Expansion in Lifts of Graphs
Citation
Makelov, Aleksandar A. 2015. Expansion in Lifts of Graphs. Bachelor's thesis, Harvard College.Abstract
The central goal of this thesis is to better understand, and explicitly construct, expanding towers G_1,G_2,..., which are expander families with the additional constraint that G_{n+1} is a lift of G_n. A lift G of H is a graph that locally looks like H, but globally may be different; lifts have been proposed as a more structured setting for elementary explicit constructions of expanders, and there have recently been promising results in this direction by Marcus, Spielman and Srivastava [MSS13], Bilu and Linial [BL06], and Rozenman, Shalev and Wigderson [RSW06]; besides that, expansion in lifts is related to the Unique Games Conjecture (e.g., Arora et al [AKK+08]).We develop the basic theory of spectral expanders and lifts in the generality of directed multigraphs, and give some examples of their applications. We then derive some group-theoretic structural properties of towers, and show that a large class of commonly used graph operations "respect" lifts.
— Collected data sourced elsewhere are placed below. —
(* There exists a visual Gromov-hyperbolic metric space $X$ such that $\operatorname{asdim} X = 2$ and $\dim(\partial X) = 0$. In particular, the inequality $\operatorname{asdim} X \leq \dim(\partial X) + 1$ fails for $X$.
   Context: For a metric space $(X,d)$ and $x,y,w \in X$, the Gromov product is $(x|y)_w = \frac{1}{2}\big(d(x,w)+d(y,w)-d(x,y)\big)$. $X$ is $\delta$-hyperbolic if $(x|z)_w \geq \min\{(x|y)_w,(y|z)_w\} - \delta$ for all $x,y,z,w \in X$, and Gromov-hyperbolic if it is $\delta$-hyperbolic for some $\delta \geq 0$. A sequence $(x_i)$ converges at infinity if $(x_i|x_j)_w \to \infty$ as $i,j\to\infty$; two such sequences $(x_i),(y_i)$ are equivalent if $(x_i|y_j)_w \to \infty$. The boundary $\partial X$ is the set of equivalence classes, with the topology in which two classes are close when $\liminf_{i,j\to\infty}(x_i|y_j)_w$ is large (equivalently, the topology induced by a visual metric); $\dim(\partial X)$ denotes its topological (covering) dimension. A geodesic ray is an isometric embedding $[0,\infty)\to X$. A hyperbolic space $X$ is visual if there exist $x_0 \in X$ and $D>0$ such that for every $x\in X$ there is a geodesic ray $r$ starting at $x_0$ with $d(x,r)\leq D$. The asymptotic dimension $\operatorname{asdim} X$ is the minimal $n$ such that for every $d>0$ there is a cover of $X$ by sets of uniformly bounded diameter such that every ball of radius $d$ in $X$ meets at most $n+1$ of the sets. *)

From Stdlib Require Import Reals Lra List.
Import ListNotations.
Open Scope R_scope.
Lemma psi_span_sum m (I : finType) (P : pred I) (F : I -> tens_sp K n) :
  (forall i, P i -> psi_span m (F i)) -> psi_span m (\sum_(i | P i) F i).
Proof. by apply: big_ind; [apply: psi_span0 | apply: psi_spanD]. Qed.

Lemma psi_span_psi m r y : (1 <= r <= m)%N -> homog (m - r) (n - m + r) y ->
  psi_span m (psi r m y).
Proof.
move=> /andP[r_gt0 r_le_m] hy; have r_lt : (r < m.+1)%N by [].
exists (fun r' : 'I_m.+1 => if val r' == r then y else 0); split.
  by move=> r' _; case: eqP => [->|_] //; apply: homog0.
rewrite (bigD1 (Ordinal r_lt)) //= eqxx big1 ?addr0 // => r' /andP[_ r'_neq].
by rewrite ifN ?psi0 // -(inj_eq val_inj).
Qed.

End PsiSpan.

Section Signs.
Variables (K : fieldType) (n : nat).
Implicit Types X Y S A B : {set 'I_n}.

Lemma sgn_sqr X Y : sgn K X Y * sgn K X Y = 1.
Proof. by rewrite /sgn -exprD addnn -mul2n exprM sqrrN !expr1n. Qed.

Lemma sgnUl X1 X2 Y : [disjoint X1 & X2] ->
  sgn K (X1 :|: X2) Y = sgn K X1 Y * sgn K X2 Y.
Proof.
move=> X12; rewrite /sgn -exprD -cardsUI.
rewrite (_ : _ :&: _ = set0) ?cards0 ?addn0; last first.
  apply/setP => p; rewrite !inE; apply/negbTE/and4P => -[/and3P[p1 _ _] p2 _ _].
  by rewrite (disjointFr X12 p1) in p2.
by congr (_ ^+ _); apply: eq_card => p; rewrite !inE andb_orl.
Qed.

Lemma sgnUr X Y1 Y2 : [disjoint Y1 & Y2] ->
  sgn K X (Y1 :|: Y2) = sgn K X Y1 * sgn K X Y2.
Proof.
move=> Y12; rewrite /sgn -exprD -cardsUI.
rewrite (_ : _ :&: _ = set0) ?cards0 ?addn0; last first.
  apply/setP => p; rewrite !inE; apply/negbTE/and4P => -[/and3P[_ p1 _] _ p2 _].
  by rewrite (disjointFr Y12 p1) in p2.
by congr (_ ^+ _); apply: eq_card => p; rewrite !inE andb_orl andb_orr.
Qed.

(* The sign of moving e_S from the right factor of e_A (x) e_B to the left one. *)
Lemma sgn_move A B S : S \subset B -> [disjoint A & S] ->
  sgn K A B * (sgn K S (B :\: S) * sgn K A S) = sgn K (A :|: S) (B :\: S).
Proof.
move=> SB AS; have SBS : [disjoint S & B :\: S] by rewrite disjoints_subset setCD subsetUr.
have {1}-> : B = S :|: B :\: S by rewrite setDE setUIr setUCr setIT; apply/esym/setUidPr.
rewrite sgnUr // sgnUl // -[RHS]mulr1 -(sgn_sqr A S); ring.
Qed.

End Signs.

Section Moves.
Variables (K : fieldType) (n : nat).
Implicit Types A B P Q S : {set 'I_n}.

Definition move_count A B (r : nat) P Q : K :=
  \sum_(S : {set 'I_n} | [&& S \subset B, #|S| == r & [disjoint A & S]])
    ((A :|: S, B :\: S) == (P, Q))%:R.

Lemma psi_tens_sgn r m A B P Q : #|A| = (m - r)%N -> #|B| = (n - m + r)%N ->
  sgn K A B * psi r m (tens K A B) (P, Q) = sgn K P Q * move_count A B r P Q.
Proof.
move=> cardA cardB; rewrite /psi sum_ffunE (bigD1 A) /=; last by rewrite cardA.
rewrite [X in _ + X]big1 ?addr0; last first.
  move=> A' /andP[_ A'A]; rewrite sum_ffunE big1 // => B' _.
  by rewrite sum_ffunE big1 // => S _; rewrite !ffunE xpair_eqE (negbTE A'A) !mul0r.
rewrite sum_ffunE (bigD1 B) /=; last by rewrite cardB.
rewrite [X in _ + X]big1 ?addr0; last first.
  move=> B' /andP[_ B'B]; rewrite sum_ffunE big1 // => S _.
  by rewrite !ffunE xpair_eqE (negbTE B'B) andbF !mul0r.
rewrite sum_ffunE !mulr_sumr; apply: eq_bigr => S /and3P[SB _ AS].
rewrite !ffunE eqxx mul1r eq_sym; case: eqP => [[<- <-]|_]; last by rewrite !mulr0.
by rewrite !mulr1 sgn_move.
Qed.

Lemma move_count0 A B P Q : move_count A B 0 P Q = ((A, B) == (P, Q))%:R.
Proof.
rewrite /move_count (big_pred1 set0) ?setU0 ?setD0 // => S /=.
rewrite cards_eq0; case: eqP => [->|_]; last by rewrite /= andbF.
by rewrite sub0set /= -setI_eq0 setI0 eqxx.
Qed.

Lemma move_count_setD1 A B r P Q x : x \in A -> x \notin B -> x \in P ->
  move_count A B r P Q = move_count (A :\ x) (x |: B) r.+1 P Q.
Proof.
move=> xA xB xP; rewrite /move_count.
rewrite [RHS](bigID (fun S : {set 'I_n} => x \in S)) /= [X in _ + X]big1 ?addr0; last first.
  move=> S /andP[_ xS]; rewrite xpair_eqE; case: eqP => [PE|_] //.
  by move: xP; rewrite -PE !inE eqxx /= (negbTE xS).
rewrite [RHS](reindex_onto (fun S : {set 'I_n} => x |: S) (fun S => S :\ x)) /=; last first.
  by move=> S /andP[_ xS]; apply: setD1K.
symmetry; apply: eq_big => [S|S /andP[_ /eqP SE]].
  have [xS|xS] := boolP (x \in S).
    have -> : (S \subset B) = false by apply: contraNF xB => /subsetP; apply.
    have -> : ((x |: S) :\ x == S) = false by apply: contraTF xS => /eqP <-; rewrite setD11.
    by rewrite andbF.
  by rewrite setU1K // eqxx setU11 !andbT cardsU1 xS eqSS setU1_subsetE ?disjoint_setD1U1.
by rewrite -SE setD1U1 // setU1D.
Qed.
Inductive gen (S : aff -> Prop) : aff -> Prop :=
  | gen_base g : S g -> gen S g
  | gen_id : gen S aid
  | gen_mul g h : gen S g -> gen S h -> gen S (amul g h)
  | gen_inv g : gen S g -> gen S (ainv g).

Definition Mgrp : aff -> Prop :=
  gen (fun g => g = transl (e 0) \/ g = transl (e 1) \/ g = mkAff 0 (- 1%:M)).

Section Generic.
Variable M : aff -> Prop.

Definition conj_by (phi g : aff) : aff := amul (amul phi g) (ainv phi).

Definition in_normalizer (phi : aff) : Prop :=
  is_affinity phi /\ forall g, M g <-> M (conj_by phi g).

(* the orbit M x, a point of the orbifold E^2/M *)
Definition orbit (x : 'cV[R]_2) : 'cV[R]_2 -> Prop :=
  fun y => exists2 g, M g & y = aapp g x.

(* phi_* = psi_* as maps of E^2/M : Mx |-> M(phi x) *)
Definition same_induced (phi psi : aff) : Prop :=
  forall x, orbit (aapp phi x) = orbit (aapp psi x).

Definition is_aut (alpha : aff -> aff) : Prop :=
  [/\ forall g, M g -> M (alpha g),
      forall h, M h -> exists2 g, M g & alpha g = h,
      forall g h, M g -> M h -> alpha g = alpha h -> g = h &
      forall g h, M g -> M h -> alpha (amul g h) = amul (alpha g) (alpha h)].

Definition same_outer (alpha beta : aff -> aff) : Prop :=
  exists2 h, M h & forall g, M g -> alpha g = conj_by h (beta g).

End Generic.
End Affine.

From Pilot Require Import Defs.
From HB Require Import structures.
From mathcomp Require Import all_boot all_order all_algebra.
From mathcomp Require Import reals.
From mathcomp Require Import lra.
From Stdlib Require Import FunctionalExtensionality PropExtensionality.
Set Implicit Arguments. Unset Strict Implicit. Unset Printing Implicit Defensive.
Import Order.TTheory GRing.Theory Num.Theory.
Local Open Scope ring_scope.

(* M is the group of maps x |-> +-x + n with n in Z^2.  Its centralizer in the
   affine group is trivial: commuting with the translations forces the linear
   part to be I, commuting with -I kills the translation part.  So normalizing
   affinities inducing the same outer automorphism differ by an element of M,
   which gives injectivity of Omega.  Well-definedness rests on discreteness: if
   chi x lies in M x for every x, then evaluating at a small multiple of a vector
   v shows that chi moves v to +-v up to an integral vector of norm < 1, hence
   chi has linear part +-I and integral translation part, i.e. chi is in M.
   For surjectivity, an automorphism alpha preserves the involutions (linear
   part -I), so it sends e_i + I to a_i + I and -I to b - I; the affinity
   b/2 + A, where A has columns a_1, a_2, intertwines alpha on the generators,
   hence on M, and A is invertible because alpha is onto. *)

Lemma intr_norm_lt1 (R : archiNumDomainType) (x : R) :
  x \is a Num.int -> `|x| < 1 -> x = 0.
Proof.
move=> xZ x_small; apply/eqP; apply: contraTT x_small => x_neq0.
by rewrite le_gtF // norm_intr_ge1.
Qed.

Lemma unitmx_of_delta_preimages (F : fieldType) n (A : 'M[F]_n) :
  (forall j, exists u : 'cV_n, A *m u = delta_mx j 0) -> A \in unitmx.
Proof.
move=> A_onto.
have {}A_onto j : exists u : 'cV_n, A *m u == delta_mx j 0.
  by have [u Au] := A_onto j; exists u; apply/eqP.
pose B : 'M_n := \matrix_(i, j) (xchoose (A_onto j)) i 0.
suff AB1 : A *m B = 1%:M by case: (mulmx1_unit AB1).
apply/matrixP => i j.
have -> : (A *m B) i j = (A *m xchoose (A_onto j)) i 0.
  by rewrite !mxE; apply: eq_bigr => k _; rewrite mxE.
by rewrite (eqP (xchooseP (A_onto j))) !mxE eqxx andbT.
Qed.

Lemma ord2P (j : 'I_2) : j = 0 \/ j = 1.
Proof. by case: j => -[|[|]] // j_lt; [left | right]; apply: val_inj. Qed.

Section AffineGroup.
Variable R : realType.
Implicit Types (f g h phi : aff R) (x : 'cV[R]_2).

Lemma aff_eq f g : atr f = atr g -> alin f = alin g -> f = g.
Proof. by case: f g => [a A] [b B] /= -> ->. Qed.

Lemma amulA f g h : amul (amul f g) h = amul f (amul g h).
Proof. by apply: aff_eq; rewrite /= ?mulmxA // mulmxDr addrA mulmxA. Qed.

Lemma amul_aidl f : amul (aid R) f = f.
Proof. by apply: aff_eq; rewrite /= ?mul1mx ?add0r. Qed.

Lemma amul_aidr f : amul f (aid R) = f.
Proof. by apply: aff_eq; rewrite /= ?mulmx0 ?addr0 ?mulmx1. Qed.

Lemma amul_ainvr f : is_affinity f -> amul f (ainv f) = aid R.
Proof.
move=> uf; apply: aff_eq; rewrite /= ?mulmxV //.
by rewrite mulmxN mulmxA mulmxV // mul1mx subrr.
Qed.

Lemma amul_ainvl f : is_affinity f -> amul (ainv f) f = aid R.
Proof. by move=> uf; apply: aff_eq; rewrite /= ?mulVmx // addNr. Qed.

Lemma aid_affinity : is_affinity (aid R).
Proof. exact: unitmx1. Qed.

Lemma amul_affinity f g : is_affinity f -> is_affinity g -> is_affinity (amul f g).
Proof. by move=> uf ug; rewrite /is_affinity unitmx_mul uf ug. Qed.

Lemma ainv_affinity f : is_affinity f -> is_affinity (ainv f).
Proof. by move=> uf; rewrite /is_affinity unitmx_inv. Qed.

Lemma amulK f g : is_affinity f -> amul (ainv f) (amul f g) = g.
Proof. by move=> uf; rewrite -amulA amul_ainvl // amul_aidl. Qed.

Lemma amulKV f g : is_affinity f -> amul f (amul (ainv f) g) = g.
Proof. by move=> uf; rewrite -amulA amul_ainvr // amul_aidl. Qed.

Lemma ainv_unique f g : is_affinity f -> amul g f = aid R -> g = ainv f.
Proof. by move=> uf gf1; rewrite -[g]amul_aidr -(amul_ainvr uf) -amulA gf1 amul_aidl. Qed.

Lemma ainvK f : is_affinity f -> ainv (ainv f) = f.
Proof. by move=> uf; apply/esym/ainv_unique; [exact: ainv_affinity | exact: amul_ainvr]. Qed.

Lemma ainvM f g : is_affinity f -> is_affinity g ->
  ainv (amul f g) = amul (ainv g) (ainv f).
Proof.
move=> uf ug; apply/esym/ainv_unique; first exact: amul_affinity.
by rewrite amulA amulK // amul_ainvl.
Qed.

Lemma aapp_amul f g x : aapp (amul f g) x = aapp f (aapp g x).
Proof. by rewrite /aapp /= mulmxDr mulmxA addrA. Qed.

Lemma aapp_aid x : aapp (aid R) x = x.
Proof. by rewrite /aapp /= mul1mx add0r. Qed.

Lemma conj_byP phi g h : is_affinity phi ->
  conj_by phi g = h <-> amul phi g = amul h phi.
Proof.
move=> uphi; rewrite /conj_by; split=> [<- | ->].
  by rewrite amulA amul_ainvl // amul_aidr.
by rewrite amulA amul_ainvr // amul_aidr.
Qed.

Lemma ainv_aid : ainv (aid R) = aid R.
Proof. by apply: aff_eq; rewrite /= invmx1 ?mulmx0 ?oppr0. Qed.

Lemma conj_by_aid g : conj_by (aid R) g = g.
Proof. by rewrite /conj_by ainv_aid amul_aidl amul_aidr. Qed.

Lemma conj_byM phi g h : is_affinity phi ->
  conj_by phi (amul g h) = amul (conj_by phi g) (conj_by phi h).
Proof. by move=> uphi; rewrite /conj_by !amulA amulK. Qed.

Lemma conj_by_amul f g h : is_affinity f -> is_affinity g ->
  conj_by (amul f g) h = conj_by f (conj_by g h).
Proof. by move=> uf ug; rewrite /conj_by ainvM // !amulA. Qed.

Lemma conj_byK phi g : is_affinity phi -> conj_by (ainv phi) (conj_by phi g) = g.
Proof.
move=> uphi; have uphi' := ainv_affinity uphi.
by rewrite -conj_by_amul // amul_ainvl // conj_by_aid.
Qed.

Lemma conj_byKV phi g : is_affinity phi -> conj_by phi (conj_by (ainv phi) g) = g.
Proof.
move=> uphi; have uphi' := ainv_affinity uphi.
by rewrite -conj_by_amul // amul_ainvr // conj_by_aid.
Qed.

End AffineGroup.

Section Normalizer.
Variables (R : realType) (M : aff R -> Prop).
Implicit Types (g h phi : aff R) (alpha : aff R -> aff R).

Lemma normalizer_aut phi : in_normalizer M phi -> is_aut M (conj_by phi).
Proof.
move=> [uphi Mphi]; split.
- by move=> g /Mphi.
- move=> h Mh; exists (conj_by (ainv phi) h); last exact: conj_byKV.
  by apply/Mphi; rewrite conj_byKV.
- by move=> g h _ _ Egh; rewrite -(conj_byK g uphi) Egh conj_byK.
- by move=> g h _ _; exact: conj_byM.
Qed.

Lemma normalizer_of_aut alpha phi : is_affinity phi -> is_aut M alpha ->
  (forall g, M g -> conj_by phi g = alpha g) -> in_normalizer M phi.
Proof.
move=> uphi [Malpha alpha_onto _ _] phiE; split=> // g; split=> [Mg | Mphig].
  by rewrite phiE //; exact: Malpha.
have [g' Mg' alphag'] := alpha_onto _ Mphig.
by rewrite -[g](conj_byK _ uphi) -alphag' -phiE // conj_byK.
Qed.

End Normalizer.

Section Generated.
Variables (R : realType) (S : aff R -> Prop).
Hypothesis S_affinity : forall g, S g -> is_affinity g.
Local Notation G := (gen S).
Implicit Types (g h phi chi : aff R) (alpha : aff R -> aff R).

Lemma gen_affinity g : G g -> is_affinity g.
Proof.
elim=> {g} [g /S_affinity | | g h _ ug _ uh | g _ ug] //.
- exact: aid_affinity.
- exact: amul_affinity.
- exact: ainv_affinity.
Qed.

Lemma orbit_aapp h x : G h -> Defs.orbit G (aapp h x) = Defs.orbit G x.
Proof.
move=> Gh; apply: functional_extensionality => y.
apply: propositional_extensionality; split=> [[g Gg ->] | [g Gg ->]].
  by exists (amul g h); [exact: gen_mul | rewrite aapp_amul].
exists (amul g (ainv h)); first by apply: gen_mul => //; exact: gen_inv.
by rewrite -aapp_amul amulA amul_ainvl ?amul_aidr //; exact: gen_affinity.
Qed.

Lemma aut_aid alpha : is_aut G alpha -> alpha (aid R) = aid R.
Proof.
move=> [Galpha _ _ alphaM]; have G1 := gen_id S.
have u1 := gen_affinity (Galpha _ G1).
have := alphaM _ _ G1 G1; rewrite amul_aidl => idem.
by rewrite -[LHS](amulK _ u1) -idem amul_ainvl.
Qed.

Lemma aut_ainv alpha g : is_aut G alpha -> G g -> alpha (ainv g) = ainv (alpha g).
Proof.
move=> alpha_aut Gg; have [Galpha _ _ alphaM] := alpha_aut.
apply: ainv_unique; first exact/gen_affinity/Galpha.
rewrite -alphaM ?amul_ainvl ?aut_aid //; [exact: gen_affinity | exact: gen_inv].
Qed.

Lemma aut_intertwine alpha phi : is_aut G alpha ->
  (forall s, S s -> amul phi s = amul (alpha s) phi) ->
  forall g, G g -> amul phi g = amul (alpha g) phi.
Proof.
move=> alpha_aut phiS g; have [Galpha _ _ alphaM] := alpha_aut.
elim=> {g} [s /phiS | | g h Gg phig Gh phih | g Gg phig] //.
- by rewrite (aut_aid alpha_aut) amul_aidl amul_aidr.
- by rewrite alphaM // -amulA phig amulA phih amulA.
- have ug := gen_affinity Gg; have uag := gen_affinity (Galpha _ Gg).
  rewrite (aut_ainv alpha_aut Gg) -[in RHS](amul_aidr phi) -(amul_ainvr ug).
  by rewrite -[amul phi (amul g _)]amulA phig amulA amulK.
Qed.

Lemma normalizer_outer_amul phi chi : in_normalizer G phi -> G chi ->
  same_outer G (conj_by phi) (conj_by (amul phi chi)).
Proof.
move=> [uphi Gphi] Gchi; have uchi := gen_affinity Gchi.
set h := conj_by phi (ainv chi).
have Gh : G h := proj1 (Gphi _) (gen_inv Gchi).
have hphi : amul h phi = amul phi (ainv chi) by apply/esym/conj_byP.
exists h => // g _.
have uh := gen_affinity Gh.
rewrite -conj_by_amul //; last exact: amul_affinity.
by rewrite -amulA hphi amulA amul_ainvl // amul_aidr.
Qed.

End Generated.

Section Mgrp.
Variable R : realType.
Local Notation M := (@Mgrp R).
Local Notation e := (@e R).
Local Notation half_turn := (mkAff 0 (- 1%:M) : aff R).
Implicit Types (g h phi psi chi : aff R) (alpha : aff R -> aff R).

Definition is_sign (s : R) := s = 1 \/ s = -1.

Lemma sign_int s : is_sign s -> s \is a Num.int.
Proof. by case=> ->; rewrite ?rpredN rpred1. Qed.

Lemma signM s t : is_sign s -> is_sign t -> is_sign (s * t).
Proof. by case=> ->; case=> ->; rewrite ?mul1r ?mulN1r ?opprK; [left | right | right | left]. Qed.

Lemma signV s : is_sign s -> s^-1 = s.
Proof. by case=> ->; rewrite ?invr1 ?invrN1. Qed.

Lemma sign_norm s : is_sign s -> `|s| = 1.
Proof. by case=> ->; rewrite ?normrN normr1. Qed.

Lemma scalar_mxN1 : (-1)%:M = - 1%:M :> 'M[R]_2.
Proof. exact: raddfN. Qed.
These two insights allow us to give a different perspective on an existing construction [RSW06], show that standard iterative constructions of expanders can be adjusted to give expander towers almost "for free", and give a new elementary construction, along the lines of Ben-Aroya and Ta-Shma [BATS11], of a fully-explicit expanding tower of almost optimal spectral expanders.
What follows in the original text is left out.